Thursday, August 19, 2010

Dramatic Shut Down!


Bear had a meeting with his study skills trainer this morning, and I thought it was a good opportunity to address his issues with shutting down in ARDs. We started with just chatting, and the trainer commented on how animated and awake he seemed compared to how shut down he often is during their meetings. She attributed it to the morning hour (normally we meet in the afternoon).

We started by talking about the upcoming school year (school starts Tuesday), and what concerns Bear might have. Bear participated in the conversation and was very animated. He couldn't give details in how things are going to change though. Mostly he just said things like, "I'm going to do better in school," and when asked how he was going to do that he said, "I just am."

As things slowed down, I suggested talking about how Bear can address his shutting down in meetings and/or when he feels criticized. He needs to participate so he has input and has a chance of getting what he wants. Bear immediately focused on the fact that I hadn't told him he had an ARD that afternoon. I told him I hadn't wanted him to stress about it.

I wish I'd videotaped this. Within minutes, Bear went from being animated and participating to laying down with his eyes closed, his voice slurred, answering everything with "I don't know." So much for helping him work on not shutting down. The trainer and I talked to at him for the remainder of the session, but were never able to "get him back."

I did suggest to Bear that if he wanted, then he and I could talk about what he wants before meetings like this and that way if he gets overwhelmed then I could speak for him. He was too far gone to talk about it. I do continue to make suggestions and give advice even after he shuts down like this, because I've learned that sometimes more gets through then it seems at the time. If it is a true "fight, flight, or freeze" reaction he remembers nothing, but sometimes he's not totally gone. Plus, to continue to speak calmly sometimes helps him emotionally regulate (or at least it gives him time to calm down).

Obviously I've seen him shut down like this before, but never this quickly or dramatically. Actually I was surprised at how animated he'd been to start with since he's been so cranky lately, and is usually shut down during the entire training sessions. I think the surprise of the meeting helped (he'd forgotten she was coming).

At the conclusion of the meeting, Bear left the room and laid down on the couch in the living room, "NOT sleeping." Grandma had arrived while Bear and I were meeting with the trainer. Kitty came over with $.10 to buy a brownie (did I mention the issues with Bear about the brownies?) I was talking to mom about her opinion on selling brownies, and she told me the story of how selling baked goods came about. She said it was really supposed to be a joke.

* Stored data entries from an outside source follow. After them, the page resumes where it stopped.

(* P = [[0, 1/c], [0, 1]] is an idempotent of V_c with ||P|| >= 1/|c|.  For a
   in A_phi the adjoint of phi(a) is phi(b) with b again in A_phi; as A_phi = V_c
   is commutative, phi(P) is an idempotent commuting with its adjoint, i.e. an
   orthogonal projection, so ||phi(P)|| <= 1 and ||phi^{-1}|| >= ||P|| >= 1/|c|.
   Also phi(1) is a nonzero idempotent, whence ||phi|| >= ||phi(1)|| >= 1. *)

Lemma sup_ge0 (R : realType) (E : set R) x : E x -> 0 <= x -> 0 <= sup E.
Proof.
move=> Ex x0; have [supE|/sup_out->//] := pselect (has_sup E).
exact: le_trans x0 (sup_upper_bound supE Ex).
Qed.

Lemma mulr_le_norm (R : realDomainType) (M t : R) : 0 <= t <= 1 -> M * t <= `|M|.
Proof.
case/andP=> t0 t1; apply: le_trans (ler_wpM2r t0 (ler_norm M)) _.
by rewrite ler_piMr.
Qed.

Lemma linear_map0 (R : pzRingType) (U V : lmodType R) (T : U -> V) :
  (forall a x y, T (a *: x + y) = a *: T x + T y) -> T 0 = 0.
Proof.
move=> linT; have := linT 1 0 0; rewrite !scale1r addr0.
by rewrite -[X in X = _]addr0 => /addrI.
Qed.

Section InnerProduct.
Variables (R : realType) (H : lmodType R[i]) (ip : H -> H -> R[i]).
Hypothesis hH : is_hilbert ip.

Lemma ip0l z : ip 0 z = 0.
Proof.
case: hH => linip _ _ _ _; have := linip 1 0 0 z; rewrite scale1r addr0 mul1r.
by rewrite -[X in X = _]addr0 => /addrI.
Qed.

Lemma ip0r z : ip z 0 = 0.
Proof. by case: hH => _ ipC _ _ _; rewrite ipC ip0l conjC0. Qed.

Lemma ipDl u v w : ip (u + v) w = ip u w + ip v w.
Proof. by case: hH => linip _ _ _ _; rewrite -[u]scale1r linip mul1r scale1r. Qed.

Lemma ipDr u v w : ip u (v + w) = ip u v + ip u w.
Proof. by case: hH => _ ipC _ _ _; rewrite [LHS]ipC (ipC v) (ipC w) ipDl rmorphD. Qed.

Lemma ipZl u k v : ip (k *: v) u = k * ip v u.
Proof. by case: hH => linip _ _ _ _; rewrite -[k *: v]addr0 linip ip0l addr0. Qed.

Lemma ipZr u k v : ip u (k *: v) = k^* * ip u v.
Proof. by case: hH => _ ipC _ _ _; rewrite [LHS]ipC (ipC v) ipZl rmorphM. Qed.

Lemma hnorm2_ge0 x : 0 <= hnorm2 ip x.
Proof.
case: hH => _ _ ip_ge0 _ _; have := ip_ge0 x; rewrite /hnorm2.
by case: (ip x x) => a b; rewrite lecE /= => /andP[].
Qed.

Lemma hnorm2_gt0 x : x != 0 -> 0 < hnorm2 ip x.
Proof.
case: hH => _ _ ip_ge0 ip_eq0 _ x0; have := ip_ge0 x; have := ip_eq0 x.
rewrite /hnorm2; case: (ip x x) => a b; rewrite lecE /= => ip0 /andP[/eqP b0 a0].
rewrite lt_neqAle a0 andbT; apply: contra x0 => /eqP a00.
by apply/eqP/ip0; rewrite b0 -a00.
Qed.

Lemma hnorm2_0 : hnorm2 ip 0 = 0.
Proof. by rewrite /hnorm2 ip0l. Qed.

Lemma hnorm2Zr (r : R) y : hnorm2 ip (r%:C%C *: y) = r ^+ 2 * hnorm2 ip y.
Proof.
have rC : (r%:C%C)^* = r%:C%C := conjc_real r.
rewrite /hnorm2 ipZl ipZr rC.
by case: (ip y y) => a b /=; rewrite !mul0r !subr0 expr2 mulrA.
Qed.

Lemma pythagoras u v : ip u v = 0 -> hnorm2 ip (u + v) = hnorm2 ip u + hnorm2 ip v.
Proof.
case: hH => _ ipC _ _ _ uv; have vu : ip v u = 0 by rewrite ipC uv conjC0.
rewrite /hnorm2 !ipDl !ipDr uv vu add0r addr0.
by case: (ip u u) (ip v v) => [? ?] [? ?].
Qed.

(* Such a Q is the orthogonal projection onto its range: x - Q x lies in
   ker Q = ker S, which is orthogonal to the range of Q. *)
Lemma normal_idempotent_contraction (Q S : H -> H) :
  (forall a x y, Q (a *: x + y) = a *: Q x + Q y) ->
  (forall a x y, S (a *: x + y) = a *: S x + S y) ->
  (forall x, Q (Q x) = Q x) ->
  (forall u v, ip (S u) v = ip u (Q v)) ->
  (forall x, S (Q x) = Q (S x)) ->
  forall x, hnorm2 ip (Q x) <= hnorm2 ip x.
Proof.
move=> linQ linS QQ adjS SQ x; case: hH => _ ipC _ ip_eq0 _.
set z := x - Q x.
have Qz : Q z = 0 by rewrite /z -scaleN1r addrC linQ QQ scaleN1r addNr.
have Sz : S z = 0 by apply: ip_eq0; rewrite adjS -SQ Qz (linear_map0 linS) ip0r.
have Qxz : ip (Q x) z = 0 by rewrite ipC -adjS Sz ip0l conjC0.
have -> : hnorm2 ip x = hnorm2 ip (Q x + z) by rewrite /z addrC subrK.
by rewrite pythagoras // lerDl hnorm2_ge0.
Qed.

Lemma op_norm_ge0 T : 0 <= op_norm ip T.
Proof.
apply: (@sup_ge0 _ _ (Num.sqrt (hnorm2 ip (T 0)))); last exact: sqrtr_ge0.
by exists (fun _ => 0); rewrite /= !big_ord1 ?hnorm2_0.
Qed.

Lemma op_norm_le1 T : (forall x, hnorm2 ip (T x) <= hnorm2 ip x) -> op_norm ip T <= 1.
Proof.
move=> T_le; apply: ge_sup.
  by exists (Num.sqrt (hnorm2 ip (T 0))), (fun _ => 0); rewrite /= !big_ord1 ?hnorm2_0.
move=> y [x /=]; rewrite !big_ord1 => x_le1 <-.
by rewrite -sqrtr1 ler_wsqrtr // (le_trans (T_le _)).
Qed.

Lemma op_norm_ge_image T M x :
  (forall y, hnorm ip (T y) <= M * hnorm ip y) -> hnorm2 ip x <= 1 ->
  hnorm ip (T x) <= op_norm ip T.
Proof.
move=> T_bnd x_le1; apply: ub_le_sup; last by exists (fun _ => x); rewrite /= !big_ord1.
exists `|M| => z [y /=]; rewrite !big_ord1 => y_le1 <-.
apply: le_trans (T_bnd _) (mulr_le_norm _ _).
by rewrite sqrtr_ge0 -sqrtr1 ler_wsqrtr.
Qed.

Lemma op_norm_ge1 T M y :
  (forall a x z, T (a *: x + z) = a *: T x + T z) ->
  (forall x, hnorm ip (T x) <= M * hnorm ip x) ->
  y != 0 -> T y = y -> 1 <= op_norm ip T.
Proof.
move=> linT T_bnd y0 Ty; set r := (hnorm ip y)^-1.
have ry1 : hnorm2 ip (r%:C%C *: y) = 1.
  by rewrite hnorm2Zr /r /hnorm exprVn sqr_sqrtr ?hnorm2_ge0 ?mulVf ?gt_eqF ?hnorm2_gt0.
have Try : T (r%:C%C *: y) = r%:C%C *: y.
  by have := linT r%:C%C y 0; rewrite (linear_map0 linT) !addr0 Ty.
by have := op_norm_ge_image T_bnd (x := r%:C%C *: y); rewrite ry1 lexx Try /hnorm ry1 sqrtr1; apply.
Qed.

End InnerProduct.

Section TwoByTwo.
Variable R : realType.
Local Notation C := R[i].

Lemma ord2P (i : 'I_2) : i = ord0 \/ i = ord_max.
Proof. by case: i => [[|[|//]]] hi; [left|right]; apply: val_inj. Qed.

Lemma lift0_ord_max : lift ord0 (ord0 : 'I_1) = ord_max :> 'I_2.
Proof. exact: val_inj. Qed.

Lemma Vc_mulC (c : C) a b : Vc c a -> Vc c b -> a * b = b * a.
Proof.
move=> [a10 a11] [b10 b11]; apply/matrixP => i j.
rewrite !mxE !big_ord_recl !big_ord0 !lift0_ord_max.
by case: (ord2P i) => ->; case: (ord2P j) => ->; rewrite ?a10 ?b10 ?a11 ?b11 /=; ring.
Qed.

Definition Vc_idem (c : C) : 'M[C]_2 :=
  \matrix_(i, j) (if j == ord0 then 0 else if i == ord0 then c^-1 else 1).

Lemma Vc_idem_in_Vc c : c != 0 -> Vc c (Vc_idem c).
Proof. by move=> c0; split; rewrite !mxE ?eqxx //= add0r mulfV. Qed.

Lemma Vc_idem_idem c : Vc_idem c * Vc_idem c = Vc_idem c.
Proof.
apply/matrixP => i j; rewrite !mxE !big_ord_recl !big_ord0 !lift0_ord_max !mxE /=.
by case: (ord2P i) => ->; case: (ord2P j) => ->; rewrite ?mxE ?eqxx /=; ring.
Qed.

Lemma vnorm2E (v : 'cV[C]_2) :
  vnorm2 v = Normc.normc (v ord0 0) ^+ 2 + Normc.normc (v ord_max 0) ^+ 2.
Proof. by rewrite /vnorm2 !big_ord_recl big_ord0 lift0_ord_max addr0. Qed.

Lemma vnorm2_0 : vnorm2 (0 : 'cV[C]_2) = 0.
Proof. by rewrite vnorm2E !mxE Normc.normc0 expr0n addr0. Qed.

Lemma mx2_norm_ge0 (a : 'M[C]_2) : 0 <= mx2_norm a.
Proof.
apply: (@sup_ge0 _ _ (Num.sqrt (vnorm2 (a *m 0)))); last exact: sqrtr_ge0.
by exists (fun _ => 0); rewrite /= !big_ord1 ?vnorm2_0.
Qed.

Lemma mx2_norm1 : mx2_norm (1 : 'M[C]_2) <= 1.
Proof.
apply: ge_sup.
  by exists (Num.sqrt (vnorm2 (1 *m 0))), (fun _ => 0); rewrite /= !big_ord1 ?vnorm2_0.
move=> y [v /=]; rewrite !big_ord1 mul1mx => v_le1 <-.
by rewrite -sqrtr1 ler_wsqrtr.
Qed.

Lemma mx2_norm_Vc_idem c : (Normc.normc c)^-1 <= mx2_norm (Vc_idem c).
Proof.
rewrite -Normc.normcV; set n := Normc.normc c^-1.
have PvE v : vnorm2 (Vc_idem c *m v) = (n ^+ 2 + 1) * Normc.normc (v ord_max 0) ^+ 2.
  rewrite vnorm2E !mxE !big_ord_recl !big_ord0 !lift0_ord_max !mxE /=.
  by rewrite !mul0r !add0r !addr0 mul1r Normc.normcM -/n; ring.
have n_le : n <= Num.sqrt (n ^+ 2 + 1).
  by apply: le_trans (ler_norm n) _; rewrite -sqrtr_sqr ler_wsqrtr // lerDl.
apply: le_trans n_le _; apply: ub_le_sup.
  exists (Num.sqrt (n ^+ 2 + 1)) => y [v /=]; rewrite !big_ord1 PvE vnorm2E => v_le1 <-.
  rewrite ler_wsqrtr // ler_piMr ?addr_ge0 ?sqr_ge0 //.
  by apply: le_trans v_le1; rewrite lerDr sqr_ge0.
pose e : 'cV[C]_2 := \col_k (if k == ord0 then 0 else 1).
have [e0 e1] : e ord0 0 = 0 /\ e ord_max 0 = 1 by rewrite !mxE.
exists (fun _ => e); rewrite /= !big_ord1 ?PvE ?vnorm2E e1 Normc.normc1 expr1n ?mulr1 //.
by rewrite e0 Normc.normc0 expr0n add0r.
Qed.

End TwoByTwo.

Section HomNorms.
Variables (R : realType) (H : lmodType R[i]) (ip : H -> H -> R[i]).
Variable phi : 'M[R[i]]_2 -> H -> H.
Hypothesis hH : is_hilbert ip.

Lemma upper_tri0 : upper_tri (0 : 'M[R[i]]_2).
Proof. by rewrite /upper_tri /= mxE. Qed.

Lemma upper_tri1 : upper_tri (1 : 'M[R[i]]_2).
Proof. by rewrite /upper_tri /= mxE. Qed.

Lemma op_norm_le_hom_norm a :
  cb_bounded ip phi -> upper_tri a -> mx2_norm a <= 1 -> op_norm ip (phi a) <= hom_norm ip phi.
Proof.
move=> [M phi_cb] ua a_le1; apply: ub_le_sup; last by exists a.
exists `|M| => _ [b [ub b_le1] <-].
apply: le_trans (phi_cb 1 (fun _ _ => b) (fun _ _ => ub)) (mulr_le_norm _ _).
by rewrite mx2_norm_ge0.
Qed.

Lemma mx2_norm_le_hom_inv_norm a :
  cb_inv_bounded ip phi -> upper_tri a -> op_norm ip (phi a) <= 1 ->
  mx2_norm a <= hom_inv_norm ip phi.
Proof.
move=> [M phiV_cb] ua phia_le1; apply: ub_le_sup; last by exists a.
exists `|M| => _ [b [ub phib_le1] <-].
apply: le_trans (phiV_cb 1 (fun _ _ => b) (fun _ _ => ub)) (mulr_le_norm _ _).
by rewrite op_norm_ge0.
Qed.

Lemma hom_norm_ge1 : is_inj_hom ip phi -> cb_bounded ip phi -> 1 <= hom_norm ip phi.
Proof.
move=> [phi_bnd phi_lin phi_mul phi_inj] phi_cb.
have phi0 x : phi 0 x = 0.
  have := phi_lin 1 0 0 upper_tri0 upper_tri0 x; rewrite scale1r addr0 scale1r.
  by rewrite -[X in X = _]addr0 => /addrI.
have [x phi1x] : exists x, phi 1 x != 0.
  case: (pselect (exists x, phi 1 x != 0)) => // phi1_0.
  suff one0 : (1 : 'M[R[i]]_2) = 0 by have := @oner_neq0 'M[R[i]]_2; rewrite one0 eqxx.
  apply: phi_inj upper_tri1 upper_tri0 _; apply/funext => x.
  by rewrite phi0; apply/eqP/negPn/negP => phi1x; apply: phi1_0; exists x.
have [phi1_lin [M phi1_bnd]] := phi_bnd 1 upper_tri1.
apply: le_trans (op_norm_le_hom_norm phi_cb upper_tri1 (mx2_norm1 R)).
apply: (op_norm_ge1 hH phi1_lin phi1_bnd phi1x).
by rewrite -phi_mul ?mulr1 //; exact: upper_tri1.
Qed.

Bear was furious we were talking about him, and started complaining about how I was, "always telling him he's wrong." I told him this wasn't true, and gently pointed out that he was upset and therefore his perception is off.

A few minutes later Bear, with his eyes shut and in his most burly and intimidating voice, continued arguing with me. He said he wasn't going to the IEP/ARD meeting. Children don't have to go so he wasn't. Hubby (He used Hubby's first name which he hasn't done since before he went to residential, and only does when he's super mad) and I could go to the meeting without him. I told him he's 17 now and he needs to go. I repeated what we said in the skill training meeting that if he doesn't speak up in the meetings, then of course he's not going to be heard.

Bear said it didn't matter if he said something in meetings, no one listened. I reminded him that just because they didn't do what he wanted didn't mean they weren't listening. Sometimes his actions speak louder than his words, and decisions have to be made based on those, not his promises. He is a vital member of the team, but he is not the boss and he does not get to make all the decisions.

I felt guilty but I left the house with him still mildly upset. I knew they would be going swimming soon (they'd tried to go earlier but the pool wasn't open). I hoped he would stay calm enough to be safe with Grandma, but my PTSD was so triggered I was shaking and I had to get out of there.

Two hours later he called me. As usual it was as though the whole morning hadn't happened. He started asking me questions about the course schedule so he could tell the school what type of welding class he wanted.

What happened at the ARD will be my next post, but I have to tell you guys this:

Bear arrived at the ARD, awake and animated. He spoke up and volunteered some information. He shut down a little toward the end (it was a 2.5 hour long meeting so I can't say I blame him!), but not completely. He handled the critiques and frank discussion of last year's behavior pretty well. I was totally impressed and said so a few times during the meeting. (I worried a little that people would see this Bear and assume he'd changed/matured over the Summer, and we would have a set back in our progress on getting Bear what he needed, but their decisions were already made so this didn't have an effect after all).